2Use of energy by moving object
If memory blocks are powered down to reduce power consumption, then energy efficiency is improved, but system response time and reliability deteriorate
Solution Approach 1:
The patent uses preliminary action by keeping frequently accessed memory blocks in retention state (a intermediate state between power-down and active) or pre-activating blocks that are likely to be needed soon. This allows the system to maintain quick response times for common operations while still achieving power savings from less frequently used blocks.
Solution Approach 2:
The patent implements feedback mechanisms where the system monitors memory access patterns and task requirements to dynamically adjust which memory blocks remain active or in retention state. This feedback loop allows optimization of the balance between power savings and response time based on actual system behavior.
3Productivity
If more memory blocks are kept active to handle increased computing power requirements, then system performance is improved, but power consumption and device complexity increase
Solution Approach 1:
The patent divides the memory into multiple independently controllable blocks, allowing the system to activate only the necessary portion of memory for current computing tasks. This segmentation enables the system to provide high computing power when needed while minimizing overall power consumption by keeping unused memory blocks in low-power states.

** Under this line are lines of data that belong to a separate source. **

(* Let $p$ be the POP of length 4 defined by the relations $1>2$ and $1>4$ (label $3$ isolated), and let $a(n)=|S_n(p)|$. Then $$\sum_{n\geq 0}a(n)x^n=\frac{(1-x)^2}{1-3x+2x^2-2x^3}.$$
   Context: An $n$-permutation is a word $\pi=\pi_1\cdots\pi_n$ containing each of $1,\ldots,n$ exactly once; $S_n$ is the set of $n$-permutations ($S_0$ consists of the empty permutation). A partially ordered pattern (POP) $p$ of length $k$ is a partial order on the label set $\{1,\ldots,k\}$; it is described by a set of generating relations, where a relation $x>y$ means that in an occurrence the entry in the $x$-th chosen position must be larger than the entry in the $y$-th chosen position, and labels not involved in any relation are unconstrained. An $n$-permutation $\pi$ contains $p$ if there are indices $1\leq i_1<\cdots<i_k\leq n$ such that $\pi_{i_x}>\pi_{i_y}$ whenever $x>y$ in the partial order; otherwise $\pi$ avoids $p$. $S_n(p)$ denotes the set of $n$-permutations avoiding $p$. *)

From HB Require Import structures.
From mathcomp Require Import all_boot all_order all_algebra all_fingroup.
Set Implicit Arguments. Unset Strict Implicit. Unset Printing Implicit Defensive.
Import GRing.Theory.
Local Open Scope ring_scope.

(* An n-permutation pi = pi_1 ... pi_n is represented by s : {perm 'I_n},
   with pi_{i+1} = s i + 1 (0-based positions and values). *)

Definition contains_pop1214 (n : nat) (s : {perm 'I_n}) : bool :=
  [exists i1 : 'I_n, exists i2 : 'I_n, exists i3 : 'I_n, exists i4 : 'I_n,
     [&& (i1 < i2)%N, (i2 < i3)%N, (i3 < i4)%N,
         (s i2 < s i1)%N & (s i4 < s i1)%N]].

Definition a_pop (n : nat) : nat :=
  #|[set s : {perm 'I_n} | ~~ contains_pop1214 s]|.

(* The generating function sum_n a(n) x^n as a formal power series over int,
   represented by its coefficient sequence. *)
Definition gf_a : nat -> int := fun n => Posz (a_pop n).

Definition num_poly : {poly int} := ('X - 1) ^+ 2.
Definition den_poly : {poly int} := 1 - 3%:R *: 'X + 2%:R *: 'X^2 - 2%:R *: 'X^3.

Definition fps_mul_poly_coef (f : nat -> int) (q : {poly int}) (n : nat) : int :=
  \sum_(k < n.+1) f k * q`_(n - k).

From HB Require Import structures.
From mathcomp Require Import all_boot all_order all_algebra all_fingroup.
From mathcomp Require Import zify.
Set Implicit Arguments. Unset Strict Implicit. Unset Printing Implicit Defensive.

(* Decompose an (n+1)-permutation by its first value v followed by the
   standardisation t of the remaining entries.  The first entry can only play
   the role of label 1, and it does so exactly when two entries smaller than v
   occur in t at positions at distance >= 2 ("gapped").  Any three values are
   gapped, so v is one of the three smallest values:
   - v in {1, 2}: pi avoids p iff t does;
   - v = 3: pi avoids p iff t avoids p and the values 1, 2 are adjacent in t.
   Hence a(n+1) = 2 a(n) + b(n) for n >= 2, where b(n) counts avoiders with
   1 and 2 adjacent.  The same decomposition for b gives
   b(n+1) = 2 a(n-1) + b(n) for n >= 2 (for v in {1, 2} the other small value
   must come second).  Eliminating b yields the linear recurrence
   a(n+3) = 3 a(n+2) - 2 a(n+1) + 2 a(n) (the base case uses b(2) = 2).
   Together with a(n) = n! for n < 3 this is exactly the coefficientwise
   statement (sum_n a(n) x^n) (1 - 3x + 2x^2 - 2x^3) = (1 - x)^2. *)

Definition nperms n (P : pred {perm 'I_n}) : nat := \sum_(s : {perm 'I_n}) P s.

Lemma nperms_all n (P : pred {perm 'I_n}) : P =1 predT -> nperms P = n`!.
Proof.
move=> allP; rewrite /nperms (eq_bigr (fun=> 1)) => [|s _]; last by rewrite allP.
by rewrite sum1_card card_Sn.
Qed.

Lemma eq_nperms n (P Q : pred {perm 'I_n}) : P =1 Q -> nperms P = nperms Q.
Proof. by move=> PQ; apply: eq_bigr => s _; rewrite PQ. Qed.

Lemma nperms0 n (P : pred {perm 'I_n}) : P =1 pred0 -> nperms P = 0.
Proof. by move=> P0; rewrite /nperms big1 // => s _; rewrite P0. Qed.

(* pcons v t is the permutation with first value v whose remaining entries
   are in the relative order given by t. *)
Definition pcons n (v : 'I_n.+1) (t : {perm 'I_n}) : {perm 'I_n.+1} :=
  lift_perm ord0 v t.

Lemma pcons_first n (v : 'I_n.+1) t : pcons v t ord0 = v.
Proof. exact: lift_perm_id. Qed.

Lemma pcons_lift n (v : 'I_n.+1) t k : pcons v t (lift ord0 k) = lift v (t k).
Proof. exact: lift_perm_lift. Qed.

Lemma pcons_bij n : bijective (fun vt : 'I_n.+1 * {perm 'I_n} => pcons vt.1 vt.2).
Proof.
apply: inj_card_bij; last by rewrite card_prod card_ord !card_Sn factS.
move=> [v1 t1] [v2 t2] /= E.
have Ev : v1 = v2 by rewrite -(pcons_first v1 t1) E pcons_first.
subst v2; congr (_, _); apply/permP => k; apply: (@lift_inj _ v1).
by rewrite -!pcons_lift E.
Qed.

Lemma nperms_pcons n (P : pred {perm 'I_n.+1}) :
  nperms P = \sum_(v < n.+1) nperms (fun t => P (pcons v t)).
Proof.
rewrite /nperms pair_bigA /= (reindex _ (onW_bij _ (pcons_bij n))).
by apply: eq_bigr => -[v t].
Qed.

Definition gapped n (P : pred 'I_n) : bool :=
  [exists k2 : 'I_n, exists k4 : 'I_n, [&& k2.+1 < k4, P k2 & P k4]].

Lemma eq_gapped n (P Q : pred 'I_n) : P =1 Q -> gapped P = gapped Q.
Proof.
by move=> PQ; apply: eq_existsb => k2; apply: eq_existsb => k4; rewrite !PQ.
Qed.

Lemma gapped_near n (P : pred 'I_n) i j :
  ~~ gapped P -> P i -> P j -> i <= j.+1.
Proof.
move=> ngap Pi Pj; rewrite leqNgt; apply: contra ngap => lt_ji.
by apply/existsP; exists j; apply/existsP; exists i; rewrite lt_ji Pi Pj.
Qed.

(* Three distinct positions cannot be pairwise adjacent. *)
Lemma gapped_three n (P : pred 'I_n) i j k :
  P i -> P j -> P k -> uniq [:: i; j; k] -> gapped P.
Proof.
move=> Pi Pj Pk; rewrite /= !inE negb_or -!(inj_eq val_inj) /= andbT.
move=> /andP [/andP [ij ik] jk]; apply: contraT => ngap.
have := gapped_near ngap Pi Pj; have := gapped_near ngap Pj Pi.
have := gapped_near ngap Pi Pk; have := gapped_near ngap Pk Pi.
have := gapped_near ngap Pj Pk; have := gapped_near ngap Pk Pj.
lia.
Qed.

Lemma existsS n (P : pred 'I_n.+1) :
  [exists i, P i] = P ord0 || [exists i : 'I_n, P (lift ord0 i)].
Proof.
apply/existsP/orP => [[i]|[P0|/existsP [i Pi]]]; last 2 first.
- by exists ord0.
- by exists (lift ord0 i).
by case: (unliftP ord0 i) => [j ->|->] Pi; [right; apply/existsP; exists j | left].
Qed.

Lemma gappedS n (P : pred 'I_n.+1) :
  gapped P = (P ord0 && [exists k : 'I_n, (0 < k) && P (lift ord0 k)])
             || gapped (fun k => P (lift ord0 k)).
Proof.
rewrite /gapped existsS; congr orb.
  rewrite existsS /=; case: (P ord0); last by apply/existsP => -[k /and3P []].
  by apply: eq_existsb.
by apply: eq_existsb => k2; rewrite existsS.
Qed.

Definition later_smaller n (s : {perm 'I_n}) (i : 'I_n) : pred 'I_n :=
  fun j => (i < j) && (s j < s i).

(* s contains p iff some entry (label 1) has two later smaller entries
   (labels 2 and 4) with room for label 3 between them. *)
Lemma containsE n (s : {perm 'I_n}) :
  contains_pop1214 s = [exists i1, gapped (later_smaller s i1)].
Proof.
apply: eq_existsb => i1; apply/existsP/existsP => -[i2].
  move=> /existsP [i3 /existsP [i4 /and5P [lt12 lt23 lt34 lt21 lt41]]].
  by exists i2; apply/existsP; exists i4; rewrite /later_smaller lt12 lt21 lt41 /=; lia.
case/existsP=> i4 /and3P [lt24 /andP [lt12 lt21] /andP [_ lt41]].
have lt3n : (i2.+1 < n) by have := ltn_ord i4; lia.
exists i2; apply/existsP; exists (Ordinal lt3n); apply/existsP; exists i4.
by rewrite /= lt12 lt21 lt41 lt24 leqnn.
Qed.

Lemma lift_ltn n (v : 'I_n.+1) (x y : 'I_n) : (lift v x < lift v y) = (x < y).
Proof. by rewrite /= /bump; case: (leqP v x); case: (leqP v y) => /= ? ?; lia. Qed.

Lemma lift_lt n (v : 'I_n.+1) (x : 'I_n) w : (lift v x < w) = (x < w - (v < w)).
Proof. by rewrite /= /bump; case: (leqP v x); case: (ltnP v w) => /= ? ?; lia. Qed.

Definition below n (t : {perm 'I_n}) (v : nat) : pred 'I_n := fun k => t k < v.

(* Occurrences of p in pcons v t either use the first entry as label 1 or
   lie entirely in t. *)
Lemma contains_pcons n (v : 'I_n.+1) (t : {perm 'I_n}) :
  contains_pop1214 (pcons v t) = gapped (below t v) || contains_pop1214 t.
Proof.
rewrite !containsE existsS; congr orb.
  rewrite gappedS /later_smaller ltnn /=; apply: eq_gapped => k.
  by rewrite pcons_lift pcons_first lift_lt ltnn subn0.
apply: eq_existsb => i; rewrite gappedS /later_smaller /=.
by apply: eq_gapped => k; rewrite !pcons_lift lift_ltn.
Qed.

(* At most one value below v: never gapped. *)
Lemma gapped_below_small n (t : {perm 'I_n}) v : v <= 1 -> gapped (below t v) = false.
Proof.
move=> le_v1; apply/existsP => -[k2 /existsP [k4 /and3P [lt24 lt2 lt4]]].
have eq24 : t k2 = t k4 by apply: val_inj; move: lt2 lt4; rewrite /below /=; lia.
by move: lt24; rewrite (perm_inj eq24); lia.
Qed.

(* At least three values below v: always gapped. *)
Lemma gapped_below_large n (t : {perm 'I_n}) v :
  3 <= v -> v <= n -> gapped (below t v).
Proof.
move=> ge3 le_vn; have lt0n : (0 < n) by lia.
have lt1n : (1 < n) by lia.
have lt2n : (2 < n) by lia.
pose pos (x : 'I_n) := (t^-1)%g x.
apply: (@gapped_three _ _ (pos (Ordinal lt0n)) (pos (Ordinal lt1n)) (pos (Ordinal lt2n))).
- by rewrite /below /pos permKV /=; lia.
- by rewrite /below /pos permKV /=; lia.
- by rewrite /below /pos permKV /=; lia.
rewrite -[[:: _; _; _]]/(map pos [:: Ordinal lt0n; Ordinal lt1n; Ordinal lt2n]).
by rewrite map_inj_uniq //; apply: perm_inj.
Qed.

(* a(n), and b(n): avoiders in which the two smallest values are adjacent. *)
Definition avoiders n := nperms (fun s : {perm 'I_n} => ~~ contains_pop1214 s).

Definition avoiders_adj n :=
  nperms (fun s : {perm 'I_n} => ~~ contains_pop1214 s && ~~ gapped (below s 2)).

Lemma a_popE n : a_pop n = avoiders n.
Proof.
rewrite /a_pop /avoiders /nperms -sum1_card big_mkcond /=.
by apply: eq_bigr => s _; rewrite inE; case: (~~ _).
Qed.

(* An occurrence of p needs four positions. *)
Lemma contains_short n (s : {perm 'I_n}) : n < 4 -> ~~ contains_pop1214 s.
Proof.
move=> lt_n4; apply/negP.
case/existsP=> i1 /existsP [i2 /existsP [i3 /existsP [i4 /and5P [? ? ? _ _]]]].
by have := ltn_ord i4; lia.
Qed.

Lemma avoiders_short n : n < 4 -> avoiders n = n`!.
Proof. by move=> lt_n4; apply: nperms_all => s /=; rewrite contains_short. Qed.

Lemma avoiders_adj_short n : n < 3 -> avoiders_adj n = n`!.
Proof.
move=> lt_n3; apply: nperms_all => s /=; rewrite contains_short 1?ltnW //=.
by apply/negP => /existsP [k2 /existsP [k4 /and3P [? _ _]]]; have := ltn_ord k4; lia.
Qed.

Lemma avoid_pcons n (v : 'I_n.+1) (t : {perm 'I_n}) :
  ~~ contains_pop1214 (pcons v t) =
  if (v < 2) then ~~ contains_pop1214 t
  else if v == 2 :> nat then ~~ contains_pop1214 t && ~~ gapped (below t 2)
  else false.
Proof.
rewrite contains_pcons negb_or andbC.
case: ltnP => [lt_v2|ge_v2]; first by rewrite gapped_below_small ?andbT //; lia.
case: eqP => [-> //|ne_v2].
by rewrite gapped_below_large ?andbF //; have := ltn_ord v; lia.
Qed.

Lemma avoiders_by_first n (v : 'I_n.+1) :
  nperms (fun t => ~~ contains_pop1214 (pcons v t)) =
  if (v < 2) then avoiders n else if v == 2 :> nat then avoiders_adj n else 0.
Proof.
rewrite (eq_nperms (avoid_pcons v)).
by case: ifP => _; [|case: ifP => _; last apply: nperms0].
Qed.

Lemma gapped_below_pcons n (v : 'I_n.+1) (t : {perm 'I_n}) w :
  gapped (below (pcons v t) w) =
  ((v < w) && [exists k : 'I_n, (0 < k) && (t k < w.-1)])
  || gapped (below t (w - (v < w))).
Proof.
rewrite gappedS /below pcons_first; congr orb.
  case: ltnP => //= lt_vw; apply: eq_existsb => k.
  by rewrite pcons_lift lift_lt lt_vw subn1.
by apply: eq_gapped => k; rewrite pcons_lift lift_lt.
Qed.

Lemma no_late_zero m (t : {perm 'I_m.+1}) :
  ~~ [exists k : 'I_m.+1, (0 < k) && (t k < 1)] = (t ord0 == ord0).
Proof.
apply/negP/eqP => [no_late|t0 /existsP [k /andP [pos_k tk0]]].
  apply/eqP; apply: contraT => t0; case: no_late; apply/existsP.
  exists ((t^-1)%g ord0); rewrite permKV /= andbT lt0n; apply: contra t0 => /eqP t'0.
  by rewrite -[X in t X](_ : (t^-1)%g ord0 = ord0) ?permKV //; apply: val_inj.
have : t k = t ord0 by apply: val_inj; rewrite t0 /=; lia.
by move/perm_inj => k0; rewrite k0 in pos_k.
Qed.

Lemma avoid_adj_pcons m (v : 'I_m.+2) (t : {perm 'I_m.+1}) :
  ~~ contains_pop1214 (pcons v t) && ~~ gapped (below (pcons v t) 2) =
  if (v < 2) then ~~ contains_pop1214 t && (t ord0 == ord0)
  else if v == 2 :> nat then ~~ contains_pop1214 t && ~~ gapped (below t 2)
  else false.
Proof.
rewrite avoid_pcons gapped_below_pcons; case: ltnP => [lt_v2|_] /=.
  by rewrite gapped_below_small // orbF no_late_zero.
by case: eqP => //= _; rewrite subn0 -andbA andbb.
Qed.

Lemma avoiders_fixing0 m :
  nperms (fun t : {perm 'I_m.+1} => ~~ contains_pop1214 t && (t ord0 == ord0)) =
  avoiders m.
Proof.
rewrite nperms_pcons big_ord_recl big1 => [|v _]; last first.
  by apply: nperms0 => u; rewrite pcons_first andbF.
rewrite addn0; apply: eq_nperms => u.
by rewrite pcons_first eqxx andbT contains_pcons gapped_below_small.
Qed.

Lemma avoiders_adj_by_first m (v : 'I_m.+2) :
  nperms (fun t => ~~ contains_pop1214 (pcons v t) && ~~ gapped (below (pcons v t) 2)) =
  if (v < 2) then avoiders m else if v == 2 :> nat then avoiders_adj m.+1 else 0.
Proof.
rewrite (eq_nperms (avoid_adj_pcons v)).
case: ifP => _; first exact: avoiders_fixing0.
by case: ifP => _; last apply: nperms0.
Qed.

Lemma avoiders_rec m : avoiders m.+3 = 2 * avoiders m.+2 + avoiders_adj m.+2.
Proof.
rewrite {1}/avoiders nperms_pcons !big_ord_recl big1 => [|v _]; last first.
  by rewrite avoiders_by_first.
by rewrite !avoiders_by_first /=; lia.
Qed.

Lemma avoiders_adj_rec m :
  avoiders_adj m.+3 = 2 * avoiders m.+1 + avoiders_adj m.+2.
Proof.
rewrite {1}/avoiders_adj nperms_pcons !big_ord_recl big1 => [|v _]; last first.
  by rewrite avoiders_adj_by_first.
by rewrite !avoiders_adj_by_first /=; lia.
Qed.

(* The linear recurrence encoded by the denominator 1 - 3x + 2x^2 - 2x^3. *)
Lemma avoiders_linrec m :
  avoiders m.+3 + 2 * avoiders m.+1 = 3 * avoiders m.+2 + 2 * avoiders m.
Proof.
case: m => [|m].
  by rewrite avoiders_rec !avoiders_short // avoiders_adj_short.
rewrite avoiders_rec avoiders_adj_rec (avoiders_rec m); lia.
Qed.

Import GRing.Theory.
Local Open Scope ring_scope.

Lemma fps_mul_poly_coefE (f : nat -> int) (q : {poly int}) n :
  fps_mul_poly_coef f q n = \sum_(i < n.+1) f (n - i)%N * q`_i.
Proof.
rewrite /fps_mul_poly_coef (reindex_inj rev_ord_inj) /=.
by apply: eq_bigr => i _; rewrite subSS subKn // -ltnS.
Qed.

Lemma den_poly_coef i : den_poly`_i = [:: 1; -3; 2; -2]`_i.
Proof.
rewrite /den_poly !coefD !coefN !coefZ coef1 coefX !coefXn.
by case: i => [|[|[|[|i]]]]; rewrite /= ?nth_nil ?mulr0 ?mulr1 ?subr0 ?addr0 ?sub0r ?add0r.
Qed.

Lemma num_poly_coef i : num_poly`_i = [:: 1; -2; 1]`_i.
Proof.
rewrite /num_poly sqrrB expr1n mulr1 coefD coefB coefMn coefX coefXn coef1.
by case: i => [|[|[|i]]]; rewrite /= ?nth_nil.
Qed.

Lemma fps_mul_den_coef (f : nat -> int) m :
  fps_mul_poly_coef f den_poly m.+3 = f m.+3 - 3 * f m.+2 + 2 * f m.+1 - 2 * f m.
Proof.
rewrite fps_mul_poly_coefE !big_ord_recl big1 => [|i _]; last first.
  by rewrite den_poly_coef /= nth_nil mulr0.
rewrite !den_poly_coef /= !subSS !subn0; lia.
Qed.

Theorem theorem3p8 :
  forall n : nat, fps_mul_poly_coef gf_a den_poly n = num_poly`_n.
Proof.
move=> n; rewrite num_poly_coef.
case: n => [|[|[|m]]]; last first.
  by rewrite fps_mul_den_coef /gf_a !a_popE /= nth_nil; have := avoiders_linrec m; lia.
all: rewrite fps_mul_poly_coefE !big_ord_recl big_ord0 !den_poly_coef.
all: by rewrite /gf_a !a_popE !avoiders_short.
Qed.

4Use of energy by moving object
If memory blocks are grouped differently to optimize power reduction, then power consumption is reduced, but system complexity in managing memory allocation increases
Solution Approach 1:
The patent performs preliminary action by pre-calculating and pre-grouping memory blocks based on their access patterns and power characteristics. The system uses this pre-organization to quickly allocate and de-allocate memory blocks without complex real-time calculations, reducing the computational overhead of memory management while achieving optimal power reduction.
Data Source
AI summary
Embodiments of the present disclosure provide a power-optimizing memory analyzer, a method of operating a power-optimizing memory analyzer and a memory system employing the analyzer or the method. In one embodiment, the power-optimizing memory analyzer is for use with an array of memory blocks and includes a task database configured to provide a parameter set corresponding to each of a set of tasks to be performed in a system. The power-optimizing memory analyzer also includes an allocation module configured to determine offline, a group of memory blocks in the array corresponding to the parameter set for each task and based on providing a power reduction for the array. The power-optimizing memory analyzer further includes a power profiling module configured to generate run-time power profiles of memory power states for each task allowing transparent and dynamic control of the memory power states while maintaining a required quality of service.